▶ What you need to do
Make a word-for-word copy of the entries below from their first line through the line with "Definition weighted (f", and add nothing.

▶ Records for this task

Lemma conv_point_mass (op : S -> S -> S) (x y : S) : conv op (point_mass x) (point_mass y) = point_mass (op x y).
Proof.
  apply functional_extensionality. intro s. unfold conv.
  set (F := fun p : S * S => if excluded_middle_informative (op (fst p) (snd p) = s)
                             then Cmul (point_mass x (fst p)) (point_mass y (snd p)) else C0).
  assert (hz : forall p, ~ In p [(x,y)] -> F p = C0).
  { intros [p q] hp. unfold F, point_mass; simpl. destruct excluded_middle_informative; auto.
    destruct (excluded_middle_informative (p = x)); destruct (excluded_middle_informative (q = y)); subst;
      try (exfalso; apply hp; left; reflexivity); cring. }
  rewrite (usum_eq _ _ (has_sum_finite F [(x,y)] ltac:(repeat constructor; auto) hz)).
  simpl. unfold F, point_mass; simpl.
  destruct (excluded_middle_informative (x = x)); try congruence.
  destruct (excluded_middle_informative (y = y)); try congruence.
  destruct (excluded_middle_informative (op x y = s)); destruct (excluded_middle_informative (s = op x y));
    subst; try congruence; cring.
Qed.

(** A {0,1}-valued semicharacter chi of S extends to the character f |-> sum_s f(s) chi(s)
    of l^1(S). *)

Definition weighted (f : S -> C) (chi : S -> R) : S -> C := fun s => Cmul (f s) (Creal (chi s)).

Variable chi : S -> R.
Hypothesis chi_01 : forall x, chi x = 0 \/ chi x = 1.

Lemma weighted_le f s : Cnorm (weighted f chi s) <= Cnorm (f s).
Proof.
  unfold weighted. rewrite Cnorm_mul, Cnorm_real. pose proof (Cnorm_nonneg (f s)).
  destruct (chi_01 s) as [-> | ->]; rewrite ?Rabs_R0, ?Rabs_R1; lra.
Qed.

Lemma weighted_summable f : is_l1 f -> csummable (weighted f chi).
Proof. intro hf. apply (bnd_le _ (fun s => Cnorm (f s))); auto. apply weighted_le. Qed.

Lemma weighted_sum_add f g : is_l1 f -> is_l1 g ->
  usum (weighted (fadd f g) chi) = Cadd (usum (weighted f chi)) (usum (weighted g chi)).
Proof.
  intros hf hg. apply usum_eq.
  replace (weighted (fadd f g) chi) with (fun s => Cadd (weighted f chi s) (weighted g chi s)).
  - apply has_sum_add; apply usum_spec, weighted_summable; auto.
  - apply functional_extensionality; intro s; unfold weighted, fadd; ring.
Qed.

Lemma weighted_sum_scale (c : C) f : is_l1 f ->
  usum (weighted (fscale c f) chi) = Cmul c (usum (weighted f chi)).
Proof.
  intros hf. apply usum_eq.
  replace (weighted (fscale c f) chi) with (fun s => Cmul c (weighted f chi s)).
  - apply has_sum_scale, usum_spec, weighted_summable; auto.
  - apply functional_extensionality; intro s; unfold weighted, fscale; ring.
Qed.

Lemma weighted_sum_bound f : is_l1 f -> Cnorm (usum (weighted f chi)) <= l1norm f.
Proof.
  intros hf. eapply Rle_trans; [apply usum_bound, weighted_summable; auto|].
  apply Ssup_le; [apply weighted_summable; auto|].
  intros l hl. eapply Rle_trans; [apply (rsum_le _ (fun s => Cnorm (f s)))|].
  - intros; apply weighted_le.
  - apply Ssup_ge; auto.
Qed.

(* Multiplicativity on l^1(S): regroup the product sum along the fibres of op. *)
Lemma weighted_sum_conv (op : S -> S -> S) f g :
  (forall x y, chi (op x y) = chi x * chi y) -> is_l1 f -> is_l1 g ->
  usum (weighted (conv op f g) chi) = Cmul (usum (weighted f chi)) (usum (weighted g chi)).
Proof.
  intros hmul hf hg.
  set (a := weighted f chi). set (b := weighted g chi).
  assert (ha : csummable a) by (apply weighted_summable; auto).
  assert (hb : csummable b) by (apply weighted_summable; auto).
  set (F := fun p : S * S => Cmul (a (fst p)) (b (snd p))).
  set (F0 := fun p : S * S => Cmul (f (fst p)) (g (snd p))).
  set (pi := fun p : S * S => op (fst p) (snd p)).
  assert (hF0 : csummable F0) by (apply prod_summable; auto).
  (* on the fibre over s, F is chi(s) times F0 *)
  assert (E : (fun s => usum (fib pi F s)) = weighted (conv op f g) chi).
  { apply functional_extensionality. intro s.
    assert (E2 : fib pi F s = fun p => Cmul (Creal (chi s)) (fib pi F0 s p)).
    { apply functional_extensionality. intros [x y]. unfold fib, pi, F, F0, a, b, weighted; simpl.
      destruct excluded_middle_informative as [e|ne]; [subst s; rewrite hmul|]; cring. }
    rewrite E2, (usum_eq _ _ (has_sum_scale (Creal (chi s)) _ _ (usum_spec _ (csummable_fib pi F0 hF0 s)))).
    unfold weighted, conv.
    change (fun p : S * S => if excluded_middle_informative (op (fst p) (snd p) = s)
                             then Cmul (f (fst p)) (g (snd p)) else C0) with (fib pi F0 s).
    ring. }
  pose proof (fiber_sum pi F (prod_summable a b ha hb)) as hfs.
  rewrite E in hfs. rewrite (usum_eq _ _ hfs). apply usum_eq, has_sum_prod; auto.
Qed.

End L1.

(** * From the semilattice to l^1(S) *)

Section Extension.
Context {S : Type}.

Definition extension (P : M2) (c1 c2 : S -> R) (f : S -> C) : M2 :=
  Madd (Mscale (usum (weighted f c1)) P) (Mscale (usum (weighted f c2)) (Msub MI P)).

Variable N : M2 -> R.
Hypothesis hN : is_norm_M2 N.
Variables (P : M2) (c1 c2 : S -> R).
Hypotheses (c1_01 : forall x, c1 x = 0 \/ c1 x = 1) (c2_01 : forall x, c2 x = 0 \/ c2 x = 1).

Lemma extension_bounded_linear : bounded_linear N (extension P c1 c2).
Proof.
  split; [|split].
  - intros f g hf hg. unfold extension. rewrite !weighted_sum_add; auto. mat_ring.
  - intros c f hf. unfold extension. rewrite !weighted_sum_scale; auto. mat_ring.
  - exists (N P + N (Msub MI P)). intros f hf. unfold extension.
    eapply Rle_trans; [apply N_triangle; auto|]. rewrite !(N_scale N hN).
    pose proof (weighted_sum_bound c1 c1_01 f hf). pose proof (weighted_sum_bound c2 c2_01 f hf).
    pose proof (N_nonneg N hN P). pose proof (N_nonneg N hN (Msub MI P)).
    pose proof (Cnorm_nonneg (usum (weighted f c1))). pose proof (Cnorm_nonneg (usum (weighted f c2))).
    nra.
Qed.

Lemma extension_multiplicative (op : S -> S -> S) : Mmul P P = P ->
  (forall x y, c1 (op x y) = c1 x * c1 y) -> (forall x y, c2 (op x y) = c2 x * c2 y) ->
  multiplicative_map op (extension P c1 c2).
Proof.
  intros hP m1 m2 f g hf hg. unfold extension.
  rewrite !weighted_sum_conv; auto.
  set (a1 := usum (weighted f c1)). set (a2 := usum (weighted f c2)).
  set (b1 := usum (weighted g c1)). set (b2 := usum (weighted g c2)).
  transitivity (Madd (Madd (Mscale (Cmul a1 b1) (Mmul P P)) (Mscale (Cmul a1 b2) (Msub P (Mmul P P))))
                     (Madd (Mscale (Cmul a2 b1) (Msub P (Mmul P P)))
                           (Mscale (Cmul a2 b2) (Madd (Msub MI (Madd P P)) (Mmul P P))))).
  - rewrite hP. mat_ring.
  - mat_ring.
Qed.

End Extension.

Definition msum {I} (g : I -> M2) (l : list I) : M2 := fold_right (fun s acc => Madd (g s) acc) M0 l.

Lemma N_msum {I} N (hN : is_norm_M2 N) (g : I -> M2) l : N (msum g l) <= rsum_list (fun s => N (g s)) l.
Proof.
  induction l; simpl; [rewrite N_M0; auto; lra|].
  eapply Rle_trans; [apply N_triangle; auto | lra].
Qed.

Section Decomposition.
Context {S : Type}.

Definition restrict (f : S -> C) (m : list S) : S -> C :=
  fun s => if excluded_middle_informative (In s m) then f s else C0.
Definition outside (f : S -> C) (m : list S) : S -> C :=
  fun s => if excluded_middle_informative (In s m) then C0 else f s.

Lemma restrict_l1 f m : NoDup m -> is_l1 (restrict f m).
Proof.
  intro h. apply (finite_l1 _ m h). intros s hs. unfold restrict.
  destruct excluded_middle_informative; tauto.
Qed.

Lemma outside_l1 f m : is_l1 f -> is_l1 (outside f m).
Proof.
  intro hf. apply (bnd_le _ (fun s => Cnorm (f s))); auto. intro i. unfold outside.
  destruct excluded_middle_informative; [rewrite Cnorm_C0; apply Cnorm_nonneg | lra].
Qed.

▶ Result
Lemma conv_point_mass (op : S -> S -> S) (x y : S) : conv op (point_mass x) (point_mass y) = point_mass (op x y).
Proof.
  apply functional_extensionality. intro s. unfold conv.
  set (F := fun p : S * S => if excluded_middle_informative (op (fst p) (snd p) = s)
                             then Cmul (point_mass x (fst p)) (point_mass y (snd p)) else C0).
  assert (hz : forall p, ~ In p [(x,y)] -> F p = C0).
  { intros [p q] hp. unfold F, point_mass; simpl. destruct excluded_middle_informative; auto.
    destruct (excluded_middle_informative (p = x)); destruct (excluded_middle_informative (q = y)); subst;
      try (exfalso; apply hp; left; reflexivity); cring. }
  rewrite (usum_eq _ _ (has_sum_finite F [(x,y)] ltac:(repeat constructor; auto) hz)).
  simpl. unfold F, point_mass; simpl.
  destruct (excluded_middle_informative (x = x)); try congruence.
  destruct (excluded_middle_informative (y = y)); try congruence.
  destruct (excluded_middle_informative (op x y = s)); destruct (excluded_middle_informative (s = op x y));
    subst; try congruence; cring.
Qed.

(** A {0,1}-valued semicharacter chi of S extends to the character f |-> sum_s f(s) chi(s)
    of l^1(S). *)

Definition weighted (f : S -> C) (chi : S -> R) : S -> C := fun s => Cmul (f s) (Creal (chi s)).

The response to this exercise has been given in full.